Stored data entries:

▬▬▬

Lemma measurable_ent (i j : nat) :
  measurable_fun setT (fun M : T => ent (M : 'M[R]_n) i j).
Proof.
rewrite /ent; case: insub => [i'|]; last exact: measurable_cst.
by case: insub => [j'|]; [exact: measurable_mx_entry | exact: measurable_cst].
Qed.

Definition orthogonal_set : set T := [set M : T | orthogonal_mx (M : 'M[R]_n)].

Lemma measurable_orthogonal_set : measurable orthogonal_set.
Proof.
have -> : orthogonal_set = \bigcap_(ij in [set: 'I_n * 'I_n])
    [set M : T | ((M : 'M[R]_n) *m M^T) ij.1 ij.2 = (1%:M : 'M[R]_n) ij.1 ij.2].
  apply/seteqP; split => M /=.
    by move=> /eqP MMt [i j] _ /=; rewrite MMt.
  by move=> MMt; apply/eqP/matrixP => i j; exact: (MMt (i, j) I).
apply: fin_bigcap_measurable; first exact: finite_finset.
move=> [i j] _; rewrite -[X in measurable X]setTI.
exact: mx_measurable_mul mx_measurable_id (mx_measurable_tr mx_measurable_id)
  i j measurableT _ (measurable_set1 _).
Qed.

End MatrixMeasurability.

Arguments orthogonal_set {R n}.
Arguments measurable_orthogonal_set {R n}.
Arguments measurable_trmx {R n}.
Arguments measurable_mulmxl {R n}.
Arguments measurable_mulmxr {R n}.
Arguments measurable_ent {R n}.

Section OrthogonalEntries.
Variables (R : comUnitRingType) (n : nat).

Lemma ent_ord (M : 'M[R]_n) (i j : 'I_n) : ent M i j = M i j.
Proof. by rewrite /ent !valK. Qed.

Lemma ent_out (M : 'M[R]_n) (i j : nat) : (n <= i)%N || (n <= j)%N -> ent M i j = 0.
Proof.
rewrite /ent; case/orP => out; first by rewrite insubF // ltnNge out.
by case: insub => //; rewrite insubF // ltnNge out.
Qed.

Lemma orthogonal_trmx (g : 'M[R]_n) : orthogonal_mx g -> orthogonal_mx g^T.
Proof. by rewrite /orthogonal_mx trmxK => /eqP gK; apply/eqP; exact: mulmx1C. Qed.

▬▬▬

TASK TO CARRY OUT
Look above for the line with "by case: insub => [j'|];" and the line with "Variables (R : comUnitRingType) (n : nat).". Write out those two lines and all the lines between them, exactly, and no others.

TASK ANSWER
by case: insub => [j'|]; [exact: measurable_mx_entry | exact: measurable_cst].
Qed.

Definition orthogonal_set : set T := [set M : T | orthogonal_mx (M : 'M[R]_n)].

Lemma measurable_orthogonal_set : measurable orthogonal_set.
Proof.
have -> : orthogonal_set = \bigcap_(ij in [set: 'I_n * 'I_n])
    [set M : T | ((M : 'M[R]_n) *m M^T) ij.1 ij.2 = (1%:M : 'M[R]_n) ij.1 ij.2].
  apply/seteqP; split => M /=.
    by move=> /eqP MMt [i j] _ /=; rewrite MMt.
  by move=> MMt; apply/eqP/matrixP => i j; exact: (MMt (i, j) I).
apply: fin_bigcap_measurable; first exact: finite_finset.
move=> [i j] _; rewrite -[X in measurable X]setTI.
exact: mx_measurable_mul mx_measurable_id (mx_measurable_tr mx_measurable_id)
  i j measurableT _ (measurable_set1 _).
Qed.

End MatrixMeasurability.

Arguments orthogonal_set {R n}.
Arguments measurable_orthogonal_set {R n}.
Arguments measurable_trmx {R n}.
Arguments measurable_mulmxl {R n}.
Arguments measurable_mulmxr {R n}.
Arguments measurable_ent {R n}.

Section OrthogonalEntries.
Variables (R : comUnitRingType) (n : nat).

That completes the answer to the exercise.